## YOUR OBJECTIVE:
Look below for the line containing "Let HQ : H <= Q"; from there through the line containing "rewrite /inSN (NN_decomp", both lines included, please set down each line exactly and nothing else.

## TASK MATERIAL:
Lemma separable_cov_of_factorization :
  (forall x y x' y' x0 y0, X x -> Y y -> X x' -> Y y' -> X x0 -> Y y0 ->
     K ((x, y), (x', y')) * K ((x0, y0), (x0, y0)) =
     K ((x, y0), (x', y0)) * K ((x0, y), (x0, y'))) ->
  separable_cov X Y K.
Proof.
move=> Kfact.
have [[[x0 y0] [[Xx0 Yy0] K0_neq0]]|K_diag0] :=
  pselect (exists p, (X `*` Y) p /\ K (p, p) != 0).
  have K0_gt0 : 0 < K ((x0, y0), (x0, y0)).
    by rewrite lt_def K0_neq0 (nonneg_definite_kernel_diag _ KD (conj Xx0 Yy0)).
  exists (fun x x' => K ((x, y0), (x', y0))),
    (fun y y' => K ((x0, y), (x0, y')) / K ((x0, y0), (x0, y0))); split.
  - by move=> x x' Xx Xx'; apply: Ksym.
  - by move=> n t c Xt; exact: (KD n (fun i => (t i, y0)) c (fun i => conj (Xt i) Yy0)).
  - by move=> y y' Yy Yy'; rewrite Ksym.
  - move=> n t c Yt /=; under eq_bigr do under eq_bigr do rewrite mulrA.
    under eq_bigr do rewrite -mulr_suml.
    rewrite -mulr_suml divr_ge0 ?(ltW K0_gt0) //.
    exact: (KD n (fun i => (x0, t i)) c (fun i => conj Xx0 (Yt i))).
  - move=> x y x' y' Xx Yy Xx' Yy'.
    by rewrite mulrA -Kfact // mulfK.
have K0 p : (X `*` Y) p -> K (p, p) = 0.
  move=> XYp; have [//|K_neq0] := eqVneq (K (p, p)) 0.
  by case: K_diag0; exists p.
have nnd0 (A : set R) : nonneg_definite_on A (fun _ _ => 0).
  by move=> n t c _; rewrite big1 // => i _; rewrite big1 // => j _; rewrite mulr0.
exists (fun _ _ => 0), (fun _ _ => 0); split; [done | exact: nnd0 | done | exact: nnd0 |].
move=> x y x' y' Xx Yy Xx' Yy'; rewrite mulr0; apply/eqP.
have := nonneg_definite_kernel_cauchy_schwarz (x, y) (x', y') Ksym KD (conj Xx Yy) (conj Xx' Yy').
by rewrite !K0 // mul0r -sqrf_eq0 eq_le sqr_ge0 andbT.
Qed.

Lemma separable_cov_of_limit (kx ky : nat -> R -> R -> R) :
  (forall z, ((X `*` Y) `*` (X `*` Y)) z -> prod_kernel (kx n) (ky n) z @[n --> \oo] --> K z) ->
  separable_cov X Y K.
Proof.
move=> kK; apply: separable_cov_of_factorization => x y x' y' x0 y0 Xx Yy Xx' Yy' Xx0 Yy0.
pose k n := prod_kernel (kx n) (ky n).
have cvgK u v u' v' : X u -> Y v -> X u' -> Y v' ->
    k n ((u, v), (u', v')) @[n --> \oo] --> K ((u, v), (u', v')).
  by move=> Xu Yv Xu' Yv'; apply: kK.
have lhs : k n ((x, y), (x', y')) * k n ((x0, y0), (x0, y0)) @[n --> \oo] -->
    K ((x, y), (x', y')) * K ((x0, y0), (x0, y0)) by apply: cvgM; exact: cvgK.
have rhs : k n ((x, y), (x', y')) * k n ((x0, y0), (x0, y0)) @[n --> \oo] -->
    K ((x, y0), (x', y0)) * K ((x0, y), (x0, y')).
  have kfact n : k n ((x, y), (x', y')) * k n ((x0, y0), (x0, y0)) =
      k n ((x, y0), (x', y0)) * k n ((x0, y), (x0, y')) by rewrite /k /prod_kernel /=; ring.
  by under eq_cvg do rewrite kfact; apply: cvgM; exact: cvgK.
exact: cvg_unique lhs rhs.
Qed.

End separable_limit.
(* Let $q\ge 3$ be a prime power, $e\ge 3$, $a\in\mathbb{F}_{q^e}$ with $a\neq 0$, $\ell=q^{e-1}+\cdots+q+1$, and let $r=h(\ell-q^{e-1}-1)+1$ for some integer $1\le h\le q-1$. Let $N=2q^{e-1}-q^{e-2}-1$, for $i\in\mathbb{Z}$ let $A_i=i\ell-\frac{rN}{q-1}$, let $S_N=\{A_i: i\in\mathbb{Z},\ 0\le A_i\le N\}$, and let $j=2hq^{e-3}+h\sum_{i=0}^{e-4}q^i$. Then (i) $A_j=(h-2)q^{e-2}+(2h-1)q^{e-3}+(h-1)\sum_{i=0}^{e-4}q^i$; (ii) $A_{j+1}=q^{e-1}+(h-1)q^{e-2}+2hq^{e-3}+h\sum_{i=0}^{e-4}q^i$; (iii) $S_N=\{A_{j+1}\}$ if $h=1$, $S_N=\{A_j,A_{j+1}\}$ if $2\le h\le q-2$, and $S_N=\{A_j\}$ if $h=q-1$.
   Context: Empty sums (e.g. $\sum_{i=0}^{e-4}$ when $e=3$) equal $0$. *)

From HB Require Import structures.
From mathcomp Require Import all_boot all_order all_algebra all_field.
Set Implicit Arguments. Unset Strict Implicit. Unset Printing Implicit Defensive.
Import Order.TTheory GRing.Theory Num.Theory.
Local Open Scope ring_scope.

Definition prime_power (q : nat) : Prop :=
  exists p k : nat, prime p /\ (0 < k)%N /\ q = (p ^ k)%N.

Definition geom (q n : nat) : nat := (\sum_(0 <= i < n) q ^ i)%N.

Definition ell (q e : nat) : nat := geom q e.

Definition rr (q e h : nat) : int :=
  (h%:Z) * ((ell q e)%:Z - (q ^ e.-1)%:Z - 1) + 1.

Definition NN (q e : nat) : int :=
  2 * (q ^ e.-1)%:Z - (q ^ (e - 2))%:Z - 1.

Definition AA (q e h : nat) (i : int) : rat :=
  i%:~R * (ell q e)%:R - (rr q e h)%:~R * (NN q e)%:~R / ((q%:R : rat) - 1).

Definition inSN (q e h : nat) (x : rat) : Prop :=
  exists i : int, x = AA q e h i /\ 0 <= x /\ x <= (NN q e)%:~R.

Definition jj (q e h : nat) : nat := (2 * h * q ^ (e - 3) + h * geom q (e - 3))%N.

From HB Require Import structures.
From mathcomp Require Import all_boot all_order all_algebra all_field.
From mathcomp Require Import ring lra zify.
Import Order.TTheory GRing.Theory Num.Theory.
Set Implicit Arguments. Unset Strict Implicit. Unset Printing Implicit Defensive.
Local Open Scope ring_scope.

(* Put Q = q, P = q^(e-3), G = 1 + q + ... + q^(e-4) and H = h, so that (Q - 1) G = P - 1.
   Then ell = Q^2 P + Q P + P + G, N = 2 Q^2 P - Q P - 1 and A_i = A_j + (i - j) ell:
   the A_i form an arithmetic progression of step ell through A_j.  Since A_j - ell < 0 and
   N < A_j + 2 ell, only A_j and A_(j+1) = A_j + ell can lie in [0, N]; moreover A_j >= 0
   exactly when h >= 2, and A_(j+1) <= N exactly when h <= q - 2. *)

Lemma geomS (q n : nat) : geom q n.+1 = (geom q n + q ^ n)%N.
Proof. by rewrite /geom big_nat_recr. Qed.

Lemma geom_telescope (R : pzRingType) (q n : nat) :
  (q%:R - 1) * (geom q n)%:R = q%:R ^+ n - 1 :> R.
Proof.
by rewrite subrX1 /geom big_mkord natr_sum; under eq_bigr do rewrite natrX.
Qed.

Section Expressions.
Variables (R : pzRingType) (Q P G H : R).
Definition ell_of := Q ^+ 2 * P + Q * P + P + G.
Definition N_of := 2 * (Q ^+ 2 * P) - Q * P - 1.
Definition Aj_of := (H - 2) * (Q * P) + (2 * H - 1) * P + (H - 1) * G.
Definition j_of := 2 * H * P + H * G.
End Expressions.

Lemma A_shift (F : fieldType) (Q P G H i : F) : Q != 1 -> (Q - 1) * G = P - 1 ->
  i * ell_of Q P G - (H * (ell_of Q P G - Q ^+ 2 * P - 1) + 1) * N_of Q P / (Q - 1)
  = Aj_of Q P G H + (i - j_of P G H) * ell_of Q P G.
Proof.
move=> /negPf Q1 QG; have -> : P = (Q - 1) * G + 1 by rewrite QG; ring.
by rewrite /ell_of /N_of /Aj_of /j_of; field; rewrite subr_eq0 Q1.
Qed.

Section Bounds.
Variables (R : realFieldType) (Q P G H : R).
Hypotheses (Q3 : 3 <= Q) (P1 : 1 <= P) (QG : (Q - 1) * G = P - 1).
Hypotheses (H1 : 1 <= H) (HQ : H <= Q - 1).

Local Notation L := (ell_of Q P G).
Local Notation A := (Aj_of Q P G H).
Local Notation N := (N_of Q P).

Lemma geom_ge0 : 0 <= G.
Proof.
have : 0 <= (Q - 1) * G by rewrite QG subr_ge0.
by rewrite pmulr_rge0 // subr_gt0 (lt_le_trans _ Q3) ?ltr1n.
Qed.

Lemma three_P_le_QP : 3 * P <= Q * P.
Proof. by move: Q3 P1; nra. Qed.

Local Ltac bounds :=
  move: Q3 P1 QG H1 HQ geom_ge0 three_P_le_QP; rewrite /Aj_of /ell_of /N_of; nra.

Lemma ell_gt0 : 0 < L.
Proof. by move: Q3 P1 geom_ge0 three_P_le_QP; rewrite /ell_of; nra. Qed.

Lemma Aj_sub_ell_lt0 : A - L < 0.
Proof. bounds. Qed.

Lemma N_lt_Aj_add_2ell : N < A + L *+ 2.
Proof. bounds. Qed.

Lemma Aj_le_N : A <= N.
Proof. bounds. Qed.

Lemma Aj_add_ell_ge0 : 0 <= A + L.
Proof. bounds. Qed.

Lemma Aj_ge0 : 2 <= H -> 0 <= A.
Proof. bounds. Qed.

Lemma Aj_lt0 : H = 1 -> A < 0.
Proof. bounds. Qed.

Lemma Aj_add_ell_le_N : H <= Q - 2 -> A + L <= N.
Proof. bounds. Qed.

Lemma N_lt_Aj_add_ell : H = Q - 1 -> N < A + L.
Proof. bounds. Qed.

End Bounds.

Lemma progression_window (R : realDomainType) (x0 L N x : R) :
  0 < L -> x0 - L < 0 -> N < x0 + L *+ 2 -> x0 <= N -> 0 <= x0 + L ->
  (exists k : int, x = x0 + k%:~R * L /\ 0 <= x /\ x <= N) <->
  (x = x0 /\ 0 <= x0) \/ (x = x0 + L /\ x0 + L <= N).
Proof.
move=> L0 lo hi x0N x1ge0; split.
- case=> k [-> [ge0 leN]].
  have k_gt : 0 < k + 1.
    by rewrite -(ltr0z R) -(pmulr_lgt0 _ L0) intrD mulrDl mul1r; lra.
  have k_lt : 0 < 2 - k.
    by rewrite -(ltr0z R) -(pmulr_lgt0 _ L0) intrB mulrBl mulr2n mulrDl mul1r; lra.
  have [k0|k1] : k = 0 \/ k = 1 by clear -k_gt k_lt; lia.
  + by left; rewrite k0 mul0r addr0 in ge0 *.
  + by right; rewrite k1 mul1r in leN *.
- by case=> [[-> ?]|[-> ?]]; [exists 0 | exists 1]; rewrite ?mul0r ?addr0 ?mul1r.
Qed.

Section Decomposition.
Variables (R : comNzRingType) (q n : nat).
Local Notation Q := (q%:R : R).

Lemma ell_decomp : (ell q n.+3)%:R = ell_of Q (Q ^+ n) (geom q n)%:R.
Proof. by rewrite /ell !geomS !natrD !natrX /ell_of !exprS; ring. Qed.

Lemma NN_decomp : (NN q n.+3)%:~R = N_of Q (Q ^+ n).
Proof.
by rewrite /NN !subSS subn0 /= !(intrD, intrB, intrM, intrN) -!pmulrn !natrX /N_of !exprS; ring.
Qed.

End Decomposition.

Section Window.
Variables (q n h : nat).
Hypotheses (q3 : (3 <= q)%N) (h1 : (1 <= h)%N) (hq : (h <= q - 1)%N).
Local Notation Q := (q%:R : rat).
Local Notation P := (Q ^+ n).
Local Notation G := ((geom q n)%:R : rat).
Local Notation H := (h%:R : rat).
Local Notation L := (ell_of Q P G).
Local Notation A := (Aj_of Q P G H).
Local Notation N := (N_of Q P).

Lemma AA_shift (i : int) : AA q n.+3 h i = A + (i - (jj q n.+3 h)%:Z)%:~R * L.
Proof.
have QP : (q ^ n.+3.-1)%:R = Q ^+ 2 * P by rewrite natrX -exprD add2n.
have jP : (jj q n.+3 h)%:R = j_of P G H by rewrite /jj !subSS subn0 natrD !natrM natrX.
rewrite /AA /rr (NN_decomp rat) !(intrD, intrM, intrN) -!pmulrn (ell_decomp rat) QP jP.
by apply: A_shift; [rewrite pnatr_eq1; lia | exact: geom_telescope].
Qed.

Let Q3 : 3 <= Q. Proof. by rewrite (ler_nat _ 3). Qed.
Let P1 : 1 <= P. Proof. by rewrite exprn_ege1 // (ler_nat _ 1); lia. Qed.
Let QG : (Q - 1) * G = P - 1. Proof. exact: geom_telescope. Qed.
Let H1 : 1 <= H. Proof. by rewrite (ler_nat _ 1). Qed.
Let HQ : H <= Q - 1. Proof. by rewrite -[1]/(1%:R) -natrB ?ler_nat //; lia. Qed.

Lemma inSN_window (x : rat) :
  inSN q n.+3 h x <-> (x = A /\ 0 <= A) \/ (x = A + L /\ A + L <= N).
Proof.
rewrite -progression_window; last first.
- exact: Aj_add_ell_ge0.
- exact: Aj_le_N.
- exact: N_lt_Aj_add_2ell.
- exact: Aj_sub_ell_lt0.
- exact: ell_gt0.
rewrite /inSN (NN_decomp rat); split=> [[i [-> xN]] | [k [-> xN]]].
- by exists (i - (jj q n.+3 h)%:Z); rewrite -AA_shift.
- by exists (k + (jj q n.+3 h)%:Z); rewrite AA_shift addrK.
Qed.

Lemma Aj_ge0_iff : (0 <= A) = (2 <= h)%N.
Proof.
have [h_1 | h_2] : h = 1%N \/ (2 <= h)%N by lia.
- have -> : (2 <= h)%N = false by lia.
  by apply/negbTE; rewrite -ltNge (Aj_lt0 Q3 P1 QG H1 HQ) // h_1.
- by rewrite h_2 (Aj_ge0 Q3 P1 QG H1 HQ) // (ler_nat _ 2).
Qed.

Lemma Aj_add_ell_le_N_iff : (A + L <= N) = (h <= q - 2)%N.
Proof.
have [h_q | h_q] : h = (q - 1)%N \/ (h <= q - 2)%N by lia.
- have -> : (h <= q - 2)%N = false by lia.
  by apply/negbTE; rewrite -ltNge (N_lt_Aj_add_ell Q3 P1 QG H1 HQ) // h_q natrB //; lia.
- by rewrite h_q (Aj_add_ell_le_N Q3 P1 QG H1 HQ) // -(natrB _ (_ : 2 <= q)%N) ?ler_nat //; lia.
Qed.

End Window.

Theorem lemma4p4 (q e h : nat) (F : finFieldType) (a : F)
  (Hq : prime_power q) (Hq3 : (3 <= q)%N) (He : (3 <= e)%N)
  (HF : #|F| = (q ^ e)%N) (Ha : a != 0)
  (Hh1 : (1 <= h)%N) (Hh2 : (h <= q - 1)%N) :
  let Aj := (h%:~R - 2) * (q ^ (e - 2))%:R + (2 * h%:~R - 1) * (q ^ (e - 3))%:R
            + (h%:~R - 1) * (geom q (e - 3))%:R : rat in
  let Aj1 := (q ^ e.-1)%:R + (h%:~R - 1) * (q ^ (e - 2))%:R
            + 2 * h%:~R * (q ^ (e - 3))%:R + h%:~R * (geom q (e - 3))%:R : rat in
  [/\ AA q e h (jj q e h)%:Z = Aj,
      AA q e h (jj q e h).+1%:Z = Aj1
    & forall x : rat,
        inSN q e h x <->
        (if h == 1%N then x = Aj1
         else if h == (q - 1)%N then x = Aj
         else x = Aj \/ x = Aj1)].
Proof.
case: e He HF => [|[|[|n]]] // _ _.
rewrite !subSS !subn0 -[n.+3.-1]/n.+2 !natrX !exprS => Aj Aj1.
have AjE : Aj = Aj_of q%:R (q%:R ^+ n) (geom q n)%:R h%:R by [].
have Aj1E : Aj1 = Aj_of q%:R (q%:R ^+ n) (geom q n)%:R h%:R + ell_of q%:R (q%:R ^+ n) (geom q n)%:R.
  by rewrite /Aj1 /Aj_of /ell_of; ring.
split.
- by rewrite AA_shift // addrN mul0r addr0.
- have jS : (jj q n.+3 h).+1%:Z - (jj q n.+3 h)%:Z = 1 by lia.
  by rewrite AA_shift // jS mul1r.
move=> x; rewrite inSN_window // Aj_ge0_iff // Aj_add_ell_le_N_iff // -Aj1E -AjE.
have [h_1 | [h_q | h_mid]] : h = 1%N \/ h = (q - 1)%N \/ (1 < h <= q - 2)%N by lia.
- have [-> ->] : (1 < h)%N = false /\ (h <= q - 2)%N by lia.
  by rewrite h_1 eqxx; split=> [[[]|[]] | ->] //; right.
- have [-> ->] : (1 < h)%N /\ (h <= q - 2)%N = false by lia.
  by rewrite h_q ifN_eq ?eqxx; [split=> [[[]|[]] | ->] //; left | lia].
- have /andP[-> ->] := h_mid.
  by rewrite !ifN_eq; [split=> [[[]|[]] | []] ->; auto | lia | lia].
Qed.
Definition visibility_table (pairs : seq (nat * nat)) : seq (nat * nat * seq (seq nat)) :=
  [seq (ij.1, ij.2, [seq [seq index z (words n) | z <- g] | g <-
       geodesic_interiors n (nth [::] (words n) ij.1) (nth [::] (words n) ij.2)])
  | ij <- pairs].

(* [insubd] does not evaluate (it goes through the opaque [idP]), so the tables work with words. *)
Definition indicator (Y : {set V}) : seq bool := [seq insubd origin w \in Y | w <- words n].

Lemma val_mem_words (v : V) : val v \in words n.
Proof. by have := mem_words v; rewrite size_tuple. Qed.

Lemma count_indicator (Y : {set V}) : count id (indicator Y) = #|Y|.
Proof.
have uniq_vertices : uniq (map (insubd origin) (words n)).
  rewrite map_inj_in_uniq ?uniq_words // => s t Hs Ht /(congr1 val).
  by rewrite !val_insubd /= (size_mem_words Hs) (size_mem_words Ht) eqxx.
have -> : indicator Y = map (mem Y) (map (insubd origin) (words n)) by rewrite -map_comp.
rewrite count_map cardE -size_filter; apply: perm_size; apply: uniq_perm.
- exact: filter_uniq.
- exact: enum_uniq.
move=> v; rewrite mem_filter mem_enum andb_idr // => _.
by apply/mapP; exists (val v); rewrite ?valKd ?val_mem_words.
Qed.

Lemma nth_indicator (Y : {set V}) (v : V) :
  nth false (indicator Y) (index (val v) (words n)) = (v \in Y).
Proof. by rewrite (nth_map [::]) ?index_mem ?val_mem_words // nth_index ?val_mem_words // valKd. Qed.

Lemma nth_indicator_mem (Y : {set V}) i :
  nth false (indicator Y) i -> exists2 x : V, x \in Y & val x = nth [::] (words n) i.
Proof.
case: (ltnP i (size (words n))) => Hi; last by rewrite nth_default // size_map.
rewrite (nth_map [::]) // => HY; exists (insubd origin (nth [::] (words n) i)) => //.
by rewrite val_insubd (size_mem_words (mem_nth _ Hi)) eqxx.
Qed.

## SOLVED EXERCISE:
Let HQ : H <= Q - 1. Proof. by rewrite -[1]/(1%:R) -natrB ?ler_nat //; lia. Qed.

Lemma inSN_window (x : rat) :
  inSN q n.+3 h x <-> (x = A /\ 0 <= A) \/ (x = A + L /\ A + L <= N).
Proof.
rewrite -progression_window; last first.
- exact: Aj_add_ell_ge0.
- exact: Aj_le_N.
- exact: N_lt_Aj_add_2ell.
- exact: Aj_sub_ell_lt0.
- exact: ell_gt0.
rewrite /inSN (NN_decomp rat); split=> [[i [-> xN]] | [k [-> xN]]].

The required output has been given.